Exercise
Whatever lines the data contains, output all of them unchanged.

(Stored data entries)
+++
Section Sesquilinear_on.
Variables (H1 H2 X1 X2 : lmodType K) (ip1 : H1 -> H1 -> K) (ip2 : H2 -> H2 -> K)
  (r1 : H1 -> X1) (r2 : H2 -> X2) (b : X1 -> X2 -> K).
Hypothesis bb : is_bounded_sesqui_on ip1 ip2 r1 r2 b.

Lemma sesqui_onBl F F' G : b (r1 (F - F')) (r2 G) = b (r1 F) (r2 G) - b (r1 F') (r2 G).
Proof.
case: bb => bl _ _; have := bl (-1) F' F G.
by rewrite scaleN1r mulN1r addrC => ->; rewrite addrC.
Qed.

Lemma sesqui_onBr F G G' : b (r1 F) (r2 (G - G')) = b (r1 F) (r2 G) - b (r1 F) (r2 G').
Proof.
case: bb => _ br _; have := br (-1) F G' G.
by rewrite scaleN1r /cconj rmorphN1 mulN1r addrC => ->; rewrite addrC.
Qed.

Lemma sesqui_on0r F : b (r1 F) (r2 0) = 0.
Proof. by rewrite -(subrr 0) sesqui_onBr subrr. Qed.

Lemma is_dual_sesqui_onl G : is_dual ip1 (fun F => b (r1 F) (r2 G)).
Proof.
case: bb => bl _ [c bc]; split; first by move=> a x y; rewrite /= bl.
exists `|c * qnorm ip2 r2 (r2 G)| => x; apply: le_trans (bc x G) _.
by rewrite mulrAC ler_qnorm.
Qed.

Lemma is_dual_sesqui_onr F : is_dual ip2 (fun G => cconj (b (r1 F) (r2 G))).
Proof.
case: bb => _ br [c bc]; split.
  move=> a x y; rewrite /= br /cconj rmorphD rmorphM.
  by congr (_ * _ + _); exact: cconjK.
exists `|c * qnorm ip1 r1 (r1 F)| => x; rewrite cmod_conj.
by apply: le_trans (bc F x) _; rewrite ler_qnorm.
Qed.
End Sesquilinear_on.

Lemma coercive_eq0 (H1 H2 : lmodType K) (ip1 : H1 -> H1 -> K) (ip2 : H2 -> H2 -> K)
    (B : H1 -> H2 -> K) :
  is_hilbert ip2 -> is_coercive ip1 ip2 B -> forall v, (forall w, B w v = 0) -> v = 0.
Proof.
case=> _ _ ip_pos _ [lam [lam_gt0 [Bv _]]] v Bv0.
have := Bv v; set S := (X in _ <= sup X) => lam_le_sup.
have sup_le0 : sup S <= 0.
  have [->|/set0P S_ne] := eqVneq S set0; first by rewrite sup0.
  apply: ge_sup => // _ [w _ <-].
  by rewrite Bv0 /cmod /= expr0n addr0 sqrtr0 mul0r.
have hnorm_le0 : hnorm ip2 v <= 0.
  by rewrite -(pmulr_rle0 _ lam_gt0); exact: le_trans lam_le_sup sup_le0.
apply/eqP; apply: contraTT hnorm_le0 => /ip_pos.
by rewrite -ltNge /hnorm sqrtr_gt0.
Qed.
Lemma MN_eval (Ha Xa Xb Da : lmodType K) (Tra : Ha -> Da) (ra : Ha -> Xa)
    (b : Xa -> Xb -> K) (u : Xb) :
  (forall x y, Tra x = Tra y -> b (ra x) u = b (ra y) u) ->
  forall x, MN Tra ra b u (Tra x) = b (ra x) u.
Proof.
move=> bTr x; apply: bTr.
by apply: (@epsilon_spec _ _ (fun y => Tra y = Tra x)); exists x.
Qed.

Lemma MN_glue_eval (Ha XO XC Xb Da : lmodType K) (rO : Ha -> XO) (rC : Ha -> XC)
    (Tra : Ha -> Da) :
  (forall x y, Tra x = Tra y ->
     exists w, [/\ rO w = rO x, rC w = rC y & Tra w = Tra x]) ->
  forall (h : Da -> XC -> K) (b : XO -> Xb -> K) (u : Xb),
  (forall x, b (rO x) u = h (Tra x) (rC x)) ->
  forall x, MN Tra rO b u (Tra x) = b (rO x) u.
Proof.
move=> glue h b u bE; apply: MN_eval.
exact: (glue_trace_determined glue (q := b^~ u) bE).
Qed.

Lemma DLE (Ha Hb Xa Xb : lmodType K) (P : (Ha -> K) -> Hb) (ra : Ha -> Xa)
    (rb : Hb -> Xb) (b : Xa -> Xb -> K) F :
  is_linear rb -> DL P ra rb b F = rb (P (Lop ra b (rb F)) - F).
Proof. by move=> lrb; rewrite /DL is_linearB // addrC. Qed.
End Complex.

Section Layer_potentials.
Variables (R : realType) (H1 H2 XO1 XO2 XC1 XC2 D1 D2 : lmodType R[i]).
Variables (ip1 : H1 -> H1 -> R[i]) (ip2 : H2 -> H2 -> R[i]).
Variables (Tr1 : H1 -> D1) (Tr2 : H2 -> D2) (rO1 : H1 -> XO1) (rO2 : H2 -> XO2)
  (rC1 : H1 -> XC1) (rC2 : H2 -> XC2).
Variables (B : H1 -> H2 -> R[i]) (BO : XO1 -> XO2 -> R[i]) (BC : XC1 -> XC2 -> R[i]).
Variables (P : (H1 -> R[i]) -> H2) (Ps : (H2 -> R[i]) -> H1).
Hypotheses (lTr2 : is_linear Tr2) (lrO1 : is_linear rO1) (lrO2 : is_linear rO2).
Hypotheses (bBO : is_bounded_sesqui_on ip1 ip2 rO1 rO2 BO)
  (bBC : is_bounded_sesqui_on ip1 ip2 rC1 rC2 BC).
Hypotheses (hH2 : is_hilbert ip2) (cB : is_coercive ip1 ip2 B) (sB : is_sesqui B).
Hypothesis hsplit : forall u v, B u v = BO (rO1 u) (rO2 v) + BC (rC1 u) (rC2 v).
Hypothesis hglue1 : forall phi psi : H1, Tr1 phi = Tr1 psi ->
  exists w, [/\ rO1 w = rO1 phi, rC1 w = rC1 psi & Tr1 w = Tr1 phi].
Hypothesis hglue2 : forall phi psi : H2, Tr2 phi = Tr2 psi ->
  exists w, [/\ rO2 w = rO2 phi, rC2 w = rC2 psi & Tr2 w = Tr2 phi].
Hypothesis hP : forall h, is_dual ip1 h -> forall phi, B phi (P h) = h phi.
Hypothesis hPs : forall h, is_dual ip2 h -> forall psi, adjf B psi (Ps h) = h psi.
+++
Answer space
Section Sesquilinear_on.
Variables (H1 H2 X1 X2 : lmodType K) (ip1 : H1 -> H1 -> K) (ip2 : H2 -> H2 -> K)
  (r1 : H1 -> X1) (r2 : H2 -> X2) (b : X1 -> X2 -> K).
Hypothesis bb : is_bounded_sesqui_on ip1 ip2 r1 r2 b.

Lemma sesqui_onBl F F' G : b (r1 (F - F')) (r2 G) = b (r1 F) (r2 G) - b (r1 F') (r2 G).
Proof.
case: bb => bl _ _; have := bl (-1) F' F G.
by rewrite scaleN1r mulN1r addrC => ->; rewrite addrC.
Qed.

Lemma sesqui_onBr F G G' : b (r1 F) (r2 (G - G')) = b (r1 F) (r2 G) - b (r1 F) (r2 G').
Proof.
case: bb => _ br _; have := br (-1) F G' G.
by rewrite scaleN1r /cconj rmorphN1 mulN1r addrC => ->; rewrite addrC.
Qed.

Lemma sesqui_on0r F : b (r1 F) (r2 0) = 0.
Proof. by rewrite -(subrr 0) sesqui_onBr subrr. Qed.

Lemma is_dual_sesqui_onl G : is_dual ip1 (fun F => b (r1 F) (r2 G)).
Proof.
case: bb => bl _ [c bc]; split; first by move=> a x y; rewrite /= bl.
exists `|c * qnorm ip2 r2 (r2 G)| => x; apply: le_trans (bc x G) _.
by rewrite mulrAC ler_qnorm.
Qed.

Lemma is_dual_sesqui_onr F : is_dual ip2 (fun G => cconj (b (r1 F) (r2 G))).
Proof.
case: bb => _ br [c bc]; split.
  move=> a x y; rewrite /= br /cconj rmorphD rmorphM.
  by congr (_ * _ + _); exact: cconjK.
exists `|c * qnorm ip1 r1 (r1 F)| => x; rewrite cmod_conj.
by apply: le_trans (bc F x) _; rewrite ler_qnorm.
Qed.
End Sesquilinear_on.

Lemma coercive_eq0 (H1 H2 : lmodType K) (ip1 : H1 -> H1 -> K) (ip2 : H2 -> H2 -> K)
    (B : H1 -> H2 -> K) :
  is_hilbert ip2 -> is_coercive ip1 ip2 B -> forall v, (forall w, B w v = 0) -> v = 0.
Proof.
case=> _ _ ip_pos _ [lam [lam_gt0 [Bv _]]] v Bv0.
have := Bv v; set S := (X in _ <= sup X) => lam_le_sup.
have sup_le0 : sup S <= 0.
  have [->|/set0P S_ne] := eqVneq S set0; first by rewrite sup0.
  apply: ge_sup => // _ [w _ <-].
  by rewrite Bv0 /cmod /= expr0n addr0 sqrtr0 mul0r.
have hnorm_le0 : hnorm ip2 v <= 0.
  by rewrite -(pmulr_rle0 _ lam_gt0); exact: le_trans lam_le_sup sup_le0.
apply/eqP; apply: contraTT hnorm_le0 => /ip_pos.
by rewrite -ltNge /hnorm sqrtr_gt0.
Qed.
Lemma MN_eval (Ha Xa Xb Da : lmodType K) (Tra : Ha -> Da) (ra : Ha -> Xa)
    (b : Xa -> Xb -> K) (u : Xb) :
  (forall x y, Tra x = Tra y -> b (ra x) u = b (ra y) u) ->
  forall x, MN Tra ra b u (Tra x) = b (ra x) u.
Proof.
move=> bTr x; apply: bTr.
by apply: (@epsilon_spec _ _ (fun y => Tra y = Tra x)); exists x.
Qed.

Lemma MN_glue_eval (Ha XO XC Xb Da : lmodType K) (rO : Ha -> XO) (rC : Ha -> XC)
    (Tra : Ha -> Da) :
  (forall x y, Tra x = Tra y ->
     exists w, [/\ rO w = rO x, rC w = rC y & Tra w = Tra x]) ->
  forall (h : Da -> XC -> K) (b : XO -> Xb -> K) (u : Xb),
  (forall x, b (rO x) u = h (Tra x) (rC x)) ->
  forall x, MN Tra rO b u (Tra x) = b (rO x) u.
Proof.
move=> glue h b u bE; apply: MN_eval.
exact: (glue_trace_determined glue (q := b^~ u) bE).
Qed.

Lemma DLE (Ha Hb Xa Xb : lmodType K) (P : (Ha -> K) -> Hb) (ra : Ha -> Xa)
    (rb : Hb -> Xb) (b : Xa -> Xb -> K) F :
  is_linear rb -> DL P ra rb b F = rb (P (Lop ra b (rb F)) - F).
Proof. by move=> lrb; rewrite /DL is_linearB // addrC. Qed.
End Complex.

Section Layer_potentials.
Variables (R : realType) (H1 H2 XO1 XO2 XC1 XC2 D1 D2 : lmodType R[i]).
Variables (ip1 : H1 -> H1 -> R[i]) (ip2 : H2 -> H2 -> R[i]).
Variables (Tr1 : H1 -> D1) (Tr2 : H2 -> D2) (rO1 : H1 -> XO1) (rO2 : H2 -> XO2)
  (rC1 : H1 -> XC1) (rC2 : H2 -> XC2).
Variables (B : H1 -> H2 -> R[i]) (BO : XO1 -> XO2 -> R[i]) (BC : XC1 -> XC2 -> R[i]).
Variables (P : (H1 -> R[i]) -> H2) (Ps : (H2 -> R[i]) -> H1).
Hypotheses (lTr2 : is_linear Tr2) (lrO1 : is_linear rO1) (lrO2 : is_linear rO2).
Hypotheses (bBO : is_bounded_sesqui_on ip1 ip2 rO1 rO2 BO)
  (bBC : is_bounded_sesqui_on ip1 ip2 rC1 rC2 BC).
Hypotheses (hH2 : is_hilbert ip2) (cB : is_coercive ip1 ip2 B) (sB : is_sesqui B).
Hypothesis hsplit : forall u v, B u v = BO (rO1 u) (rO2 v) + BC (rC1 u) (rC2 v).
Hypothesis hglue1 : forall phi psi : H1, Tr1 phi = Tr1 psi ->
  exists w, [/\ rO1 w = rO1 phi, rC1 w = rC1 psi & Tr1 w = Tr1 phi].
Hypothesis hglue2 : forall phi psi : H2, Tr2 phi = Tr2 psi ->
  exists w, [/\ rO2 w = rO2 phi, rC2 w = rC2 psi & Tr2 w = Tr2 phi].
Hypothesis hP : forall h, is_dual ip1 h -> forall phi, B phi (P h) = h phi.
Hypothesis hPs : forall h, is_dual ip2 h -> forall psi, adjf B psi (Ps h) = h psi.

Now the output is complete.